(* Under the assumptions below, let $y_{\varrho h}\in Y_h$ be the unique Galerkin solution with $\varrho=h^{2\alpha}$. Then there is a constant $c>0$ independent of $h$ and $\overline{y}$ such that $$\|y_{\varrho h}-\overline{y}\|_{H_Y}\le c\begin{cases}\|\overline{y}\|_{H_Y}&\text{for }\overline{y}\in H_Y,\\ h^\alpha\|\overline{y}\|_D&\text{for }\overline{y}\in Y,\\ h^{2\alpha}\|D\overline{y}\|_{H_Y}&\text{for }\overline{y}\in Y,\ D\overline{y}\in H_Y.\end{cases}$$ Moreover, if $\overline{y}\in[H_Y,Y]_s$ for some $s\in[0,1]$, then $\|y_{\varrho h}-\overline{y}\|_{H_Y}\le c\,h^{\alpha s}\|\overline{y}\|_{[H_Y,Y]_s}$.
   Context: Abstract setting: Let $Y\subset H_Y\subset Y^*$ be a Gelfand triple of real Hilbert spaces, with duality pairing $\langle\cdot,\cdot\rangle_{Y^*,Y}$ extending the inner product of $H_Y$. Let $D:Y\to Y^*$ be bounded, linear, self-adjoint and elliptic, $\|y\|_D:=\langle Dy,y\rangle_{Y^*,Y}^{1/2}$ (an equivalent norm on $Y$). For $y\in Y$ we write ''$Dy\in H_Y$'' if there is $w\in H_Y$ with $\langle Dy,v\rangle_{Y^*,Y}=\langle w,v\rangle_{H_Y}$ for all $v\in Y$, and then $\|Dy\|_{H_Y}:=\|w\|_{H_Y}$. Discretization: For each discretization parameter $h\in(0,h_0]$ let $Y_h\subset Y$ be a finite-dimensional subspace, and assume there are maps $P_h:Y\to Y_h$, an exponent $\alpha>0$ and constants $c_1,c_2,c_3,c_4>0$ independent of $h$ such that for all $y\in Y$: $\|y-P_hy\|_{H_Y}\le c_1h^\alpha\|y\|_D$ and $\|y-P_hy\|_D\le c_2\|y\|_D$; and, if in addition $Dy\in H_Y$: $\|y-P_hy\|_{H_Y}\le c_3h^{2\alpha}\|Dy\|_{H_Y}$ and $\|y-P_hy\|_D\le c_4h^\alpha\|Dy\|_{H_Y}$. Given $\overline{y}\in H_Y$ and $\varrho>0$, the Galerkin solution $y_{\varrho h}\in Y_h$ satisfies $\langle y_{\varrho h},y_h\rangle_{H_Y}+\varrho\langle Dy_{\varrho h},y_h\rangle_{Y^*,Y}=\langle\overline{y},y_h\rangle_{H_Y}$ for all $y_h\in Y_h$. $[H_Y,Y]_s$, $s\in[0,1]$, denotes the interpolation space between $H_Y$ and $Y$ (with $Y$ normed by $\|\cdot\|_D$) obtained by an exact interpolation method of exponent $s$ (e.g. the real $K$-method), with $[H_Y,Y]_0=H_Y$ and $[H_Y,Y]_1=Y$. *)

From HB Require Import structures.
From mathcomp Require Import all_boot all_order all_algebra.
From mathcomp Require Import all_classical all_reals all_analysis.
Set Implicit Arguments.
Unset Strict Implicit.
Unset Printing Implicit Defensive.
Import Order.TTheory GRing.Theory Num.Theory.
Local Open Scope classical_set_scope.
Local Open Scope ring_scope.

Definition form_norm {R : realType} {H : lmodType R} (b : H -> H -> R) (x : H) : R :=
  Num.sqrt (b x x).

Definition is_inner_product {R : realType} {H : lmodType R} (ip : H -> H -> R) : Prop :=
  (forall x y, ip x y = ip y x) /\
  (forall k x y z, ip (k *: x + y) z = k * ip x z + ip y z) /\
  (forall x, 0 <= ip x x) /\
  (forall x, ip x x = 0 -> x = 0).

Definition complete_wrt {R : realType} {H : lmodType R} (P : set H) (nrm : H -> R) : Prop :=
  forall u : nat -> H, (forall n, P (u n)) ->
  (forall e, 0 < e -> exists N, forall m n, (N <= m)%N -> (N <= n)%N -> nrm (u m - u n) < e) ->
  exists l, P l /\ (forall e, 0 < e -> exists N, forall n, (N <= n)%N -> nrm (u n - l) < e).

Definition is_subspace {R : realType} {H : lmodType R} (P : set H) : Prop :=
  P 0 /\ (forall k x y, P x -> P y -> P (k *: x + y)).

(* Gelfand triple Y ⊂ H_Y ⊂ Y^* with H_Y = (H, ip), and the operator D : Y -> Y^*
   represented by its bilinear form a(y,v) = <Dy, v>_{Y^*,Y}.  Y is normed by
   ||y||_D = sqrt(a y y) (an equivalent norm on Y), so boundedness of D is automatic
   and ellipticity amounts to positivity. *)
Record gelfand_setting {R : realType} {H : lmodType R}
    (ip : H -> H -> R) (Y : set H) (a : H -> H -> R) : Prop := {
  gs_ip : is_inner_product ip;
  gs_H_complete : complete_wrt setT (form_norm ip);
  gs_Y_subspace : is_subspace Y;
  gs_a_sym : forall y v, Y y -> Y v -> a y v = a v y;
  gs_a_lin : forall k y z v, Y y -> Y z -> Y v -> a (k *: y + z) v = k * a y v + a z v;
  gs_a_pos : forall y, Y y -> y <> 0 -> 0 < a y y;
  gs_Y_complete : complete_wrt Y (form_norm a);
  gs_Y_embed : exists C, 0 < C /\ forall y, Y y -> form_norm ip y <= C * form_norm a y;
  gs_Y_dense : forall x e, 0 < e -> exists y, Y y /\ form_norm ip (x - y) < e
}.

(* "Dy ∈ H_Y with representative w". *)
Definition D_in_H {R : realType} {H : lmodType R}
    (ip : H -> H -> R) (Y : set H) (a : H -> H -> R) (y w : H) : Prop :=
  forall v, Y v -> a y v = ip w v.

Definition fin_dim_subspace {R : realType} {H : lmodType R} (Y V : set H) : Prop :=
  exists (n : nat) (b : 'I_n -> H), (forall i, Y (b i)) /\
    (forall x, V x <-> exists c : 'I_n -> R, x = \sum_(i < n) c i *: b i).

Definition galerkin_solution {R : realType} {H : lmodType R}
    (ip a : H -> H -> R) (V : set H) (rho : R) (ybar y : H) : Prop :=
  V y /\ (forall v, V v -> ip y v + rho * a y v = ip ybar v).

Definition K_functional {R : realType} {H : lmodType R}
    (ip : H -> H -> R) (Y : set H) (a : H -> H -> R) (t : R) (y : H) : R :=
  inf [set r | exists y0 y1, Y y1 /\ y = y0 + y1 /\
                 r = form_norm ip y0 + t * form_norm a y1].

Definition K_integral {R : realType} {H : lmodType R}
    (ip : H -> H -> R) (Y : set H) (a : H -> H -> R) (s : R) (y : H) : \bar R :=
  let f := fun t : R => ((t `^ (- s) * K_functional ip Y a t y) ^+ 2 / t)%R in
  (\int[@lebesgue_measure R]_(t in [set t : R | (0 < t)%R]) (f t)%:E)%E.

(* Membership in [H_Y, Y]_s: H_Y for s = 0, Y for s = 1, and the (normalized)
   real K-method (theta = s, q = 2) for 0 < s < 1. *)
Definition interp_mem {R : realType} {H : lmodType R}
    (ip : H -> H -> R) (Y : set H) (a : H -> H -> R) (s : R) (y : H) : Prop :=
  if s == 0 then True
  else if s == 1 then Y y
  else (K_integral ip Y a s y < +oo)%E.

(* Norm of [H_Y, Y]_s; for 0 < s < 1 the K-norm is normalized by sqrt(2 s (1-s)),
   which makes the method exact of exponent s (and [X,X]_s = X isometrically). *)
Definition interp_norm {R : realType} {H : lmodType R}
    (ip : H -> H -> R) (Y : set H) (a : H -> H -> R) (s : R) (y : H) : R :=
  if s == 0 then form_norm ip y
  else if s == 1 then form_norm a y
  else Num.sqrt (2 * s * (1 - s)) * Num.sqrt (fine (K_integral ip Y a s y)).

From HB Require Import structures.
From mathcomp Require Import all_boot all_order all_algebra.
From mathcomp Require Import all_classical all_reals all_analysis.
From mathcomp Require Import ring lra.
From mathcomp Require Import measurable_realfun.
Import Order.TTheory GRing.Theory Num.Theory.
Local Open Scope classical_set_scope.
Local Open Scope ring_scope.

(* With t = h^alpha the Galerkin solution minimises |v - ybar|^2 + t^2 a(v, v)
   over Y_h.  Testing with v = P_h y1 for an arbitrary splitting ybar = y0 + y1,
   y1 in Y, bounds the error by a multiple of the K-functional K(t, ybar); the
   trivial splittings give the first two estimates, and K(t, y) <= 2 t^s |y|_s
   on [H_Y, Y]_s because K(., y) is nondecreasing and K(u, y)/u nonincreasing,
   so the K-integral over a dyadic neighbourhood of t already sees K(t, y).
   For D ybar = w in H_Y one tests with v = P_h ybar instead: a(ybar, .) = (w, .)
   turns the minimality into a quadratic inequality for the error. *)

Section Subspace.
Context {R : realType} {H : lmodType R} {P : set H}.
Hypothesis P_subspace : is_subspace P.

Lemma subspace0 : P 0. Proof. by case: P_subspace. Qed.

Lemma subspaceZD k {x y} : P x -> P y -> P (k *: x + y).
Proof. by case: P_subspace => _; apply. Qed.

Lemma subspaceD {x y} : P x -> P y -> P (x + y).
Proof. by move=> Px Py; have := subspaceZD 1 Px Py; rewrite scale1r. Qed.

Lemma subspaceZ k {x} : P x -> P (k *: x).
Proof. by move=> Px; have := subspaceZD k Px subspace0; rewrite addr0. Qed.

Lemma subspaceB {x y} : P x -> P y -> P (x - y).
Proof. by move=> Px Py; rewrite -scaleN1r addrC; apply: subspaceZD. Qed.

End Subspace.

Lemma fin_dim_subspace_sub {R : realType} {H : lmodType R} {Y V : set H} :
  is_subspace Y -> fin_dim_subspace Y V -> V `<=` Y.
Proof.
move=> Ysub [n [b [Yb spanV]]] x /spanV [c ->].
apply: (big_ind Y); first exact: subspace0.
- by move=> ?? ??; apply: subspaceD.
- by move=> i _; apply: subspaceZ.
Qed.

Lemma fin_dim_subspace_subspace {R : realType} {H : lmodType R} {Y V : set H} :
  fin_dim_subspace Y V -> is_subspace V.
Proof.
move=> [n [b [_ spanV]]]; split.
  by apply/spanV; exists (fun=> 0); rewrite big1 // => i _; rewrite scale0r.
move=> k x y /spanV [cx ->] /spanV [cy ->]; apply/spanV.
exists (fun i => k * cx i + cy i); rewrite scaler_sumr -big_split /=.
by apply: eq_bigr => i _; rewrite scalerDl scalerA.
Qed.

Definition semi_inner_form {R : realType} {H : lmodType R} (b : H -> H -> R) (P : set H) :=
  [/\ is_subspace P, (forall y v, P y -> P v -> b y v = b v y),
      (forall k y z v, P y -> P z -> P v -> b (k *: y + z) v = k * b y v + b z v)
    & (forall y, P y -> 0 <= b y y)].

Lemma form_norm_ge0 {R : realType} {H : lmodType R} (b : H -> H -> R) x :
  0 <= form_norm b x.
Proof. exact: sqrtr_ge0. Qed.

Section SemiInnerForm.
Context {R : realType} {H : lmodType R} {b : H -> H -> R} {P : set H}.
Hypothesis b_form : semi_inner_form b P.

Let P_subspace : is_subspace P. Proof. by case: b_form. Qed.

Lemma formC {y v} : P y -> P v -> b y v = b v y.
Proof. by case: b_form => _ + _ _; apply. Qed.

Lemma form_ge0 {y} : P y -> 0 <= b y y.
Proof. by case: b_form => _ _ _; apply. Qed.

Lemma formZDl k {y z v} : P y -> P z -> P v -> b (k *: y + z) v = k * b y v + b z v.
Proof. by case: b_form => _ _ + _; apply. Qed.

Lemma formDl {x y z} : P x -> P y -> P z -> b (x + y) z = b x z + b y z.
Proof. by move=> Px Py Pz; have := formZDl 1 Px Py Pz; rewrite scale1r mul1r. Qed.

Lemma form0l {z} : P z -> b 0 z = 0.
Proof.
move=> Pz; have P0 := subspace0 P_subspace.
by have := formDl P0 P0 Pz; rewrite addr0; lra.
Qed.

Lemma formZl k {x z} : P x -> P z -> b (k *: x) z = k * b x z.
Proof.
move=> Px Pz; have := formZDl k Px (subspace0 P_subspace) Pz.
by rewrite addr0 form0l // addr0.
Qed.

Lemma formBl {x y z} : P x -> P y -> P z -> b (x - y) z = b x z - b y z.
Proof.
move=> Px Py Pz; rewrite -scaleN1r addrC formZDl //; lra.
Qed.

Lemma formDr {x y z} : P x -> P y -> P z -> b z (x + y) = b z x + b z y.
Proof.
by move=> Px Py Pz; rewrite formC ?formDl ?(formC Pz) //; apply: subspaceD.
Qed.

Lemma formZr k {x z} : P x -> P z -> b z (k *: x) = k * b z x.
Proof.
by move=> Px Pz; rewrite formC ?formZl ?(formC Pz) //; apply: subspaceZ.
Qed.

Lemma form_sqrD {x y} : P x -> P y -> b (x + y) (x + y) = b x x + 2 * b x y + b y y.
Proof.
move=> Px Py; rewrite formDl ?formDr //; last exact: subspaceD.
by rewrite (formC Py Px); ring.
Qed.

Lemma form_CauchySchwarz {x y} : P x -> P y -> b x y ^+ 2 <= b x x * b y y.
Proof.
move=> Px Py.
have quad r : 0 <= b x x + 2 * r * b x y + r ^+ 2 * b y y.
  have Pry := subspaceZ P_subspace r Py.
  have := form_ge0 (subspaceD P_subspace Px Pry).
  by rewrite form_sqrD // formZl // !formZr // expr2; lra.
have [yy0|yy_neq0] := eqVneq (b y y) 0.
  rewrite yy0 mulr0; have [->|xy_neq0] := eqVneq (b x y) 0; first by rewrite expr0n.
  (* a linear function of [r] cannot stay nonnegative *)
  have := quad (- (b x x + 1) / (2 * b x y)); rewrite yy0 mulr0 addr0.
  have -> : 2 * (- (b x x + 1) / (2 * b x y)) * b x y = - (b x x + 1) by field.
  lra.
have yy_gt0 : 0 < b y y by rewrite lt_def yy_neq0 form_ge0.
have := quad (- b x y / b y y).
have -> : b x x + 2 * (- b x y / b y y) * b x y + (- b x y / b y y) ^+ 2 * b y y
   = b x x - b x y ^+ 2 / b y y by field.
by rewrite subr_ge0 ler_pdivrMr // mulrC.
Qed.

Lemma form_norm_sqr {x} : P x -> form_norm b x ^+ 2 = b x x.
Proof. by move=> Px; rewrite sqr_sqrtr // form_ge0. Qed.

Lemma form_norm0 : form_norm b 0 = 0.
Proof. by rewrite /form_norm form0l ?sqrtr0 //; apply: subspace0. Qed.

Lemma form_CauchySchwarz_norm {x y} : P x -> P y ->
  `|b x y| <= form_norm b x * form_norm b y.
Proof.
move=> Px Py; rewrite -(@ler_pXn2r _ 2%N) // ?nnegrE ?mulr_ge0 ?form_norm_ge0 //.
by rewrite real_normK ?num_real // exprMn !form_norm_sqr // form_CauchySchwarz.
Qed.

Lemma form_normD {x y} : P x -> P y ->
  form_norm b (x + y) <= form_norm b x + form_norm b y.
Proof.
move=> Px Py; rewrite -(@ler_pXn2r _ 2%N) // ?nnegrE ?addr_ge0 ?form_norm_ge0 //.
rewrite (form_norm_sqr (subspaceD P_subspace Px Py)) form_sqrD // sqrrD !form_norm_sqr //.
have := le_trans (ler_norm (b x y)) (form_CauchySchwarz_norm Px Py); lra.
Qed.

Lemma form_normN {x} : P x -> form_norm b (- x) = form_norm b x.
Proof.
move=> Px; rewrite /form_norm -scaleN1r formZl ?formZr ?mulN1r ?opprK //.
exact: subspaceZ.
Qed.

Lemma form_normB {x y} : P x -> P y ->
  form_norm b (x - y) <= form_norm b x + form_norm b y.
Proof.
move=> Px Py; rewrite -(form_normN Py).
by apply: form_normD => //; rewrite -scaleN1r; apply: subspaceZ.
Qed.

Lemma form_normBC {x y} : P x -> P y -> form_norm b (x - y) = form_norm b (y - x).
Proof. by move=> Px Py; rewrite -opprB form_normN //; apply: subspaceB. Qed.

End SemiInnerForm.

Section PowerIntegrals.
Context {R : realType}.
Notation mu := (@lebesgue_measure R).

Lemma measurable_gt0 : measurable [set x : R | 0 < x].
Proof.
have -> : [set x : R | 0 < x] = `]0, +oo[%classic.
  by apply/seteqP; split => x /=; rewrite in_itv /= andbT.
exact: measurable_itv.
Qed.

Lemma integral_itv_powR {q a b : R} : q != 0 -> 0 < a -> a < b ->
  (\int[mu]_(x in `[a, b]) (x `^ (q - 1))%:E = ((b `^ q - a `^ q) / q)%:E)%E.
Proof.
move=> q0 a0 ab.
pose F x := q^-1 * x `^ q.
have dF (x : R) : 0 < x -> is_derive x 1 F (x `^ (q - 1)).
  move=> x0; have := @is_deriveZ R R R (fun y => y `^ q) (q^-1) x 1 _ (is_derive1_powR q x0).
  by rewrite /GRing.scale /= mulrA mulVf // mul1r.
have F_cont (x : R) : 0 < x -> {for x, continuous (F : R^o -> R^o)}.
  move=> x0; apply: (@differentiable_continuous R R^o R^o).
  by apply/derivable1_diffP; case: (dF x x0).
rewrite (@continuous_FTC2 _ _ F) //.
- by rewrite -EFinB -mulrBr mulrC.
- apply: derivable_within_continuous => x; rewrite in_itv /= => /andP[ax _].
  by apply: derivable_powR; rewrite in_itv /= andbT (lt_le_trans a0).
- split.
  + move=> x; rewrite in_itv /= => /andP[ax _].
    by case: (dF x (lt_trans a0 ax)).
  + exact/cvg_at_right_filter/F_cont.
  + exact/cvg_at_left_filter/F_cont/(lt_trans a0 ab).
- move=> x; rewrite in_itv /= => /andP[ax _].
  by rewrite derive1E; case: (dF x (lt_trans a0 ax)).
Qed.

TO DO:
Please filter the entries for the word "Hypothesis" and copy the lines that have it.

WRITTEN RESPONSE:
Hypothesis P_subspace : is_subspace P.
Hypothesis b_form : semi_inner_form b P.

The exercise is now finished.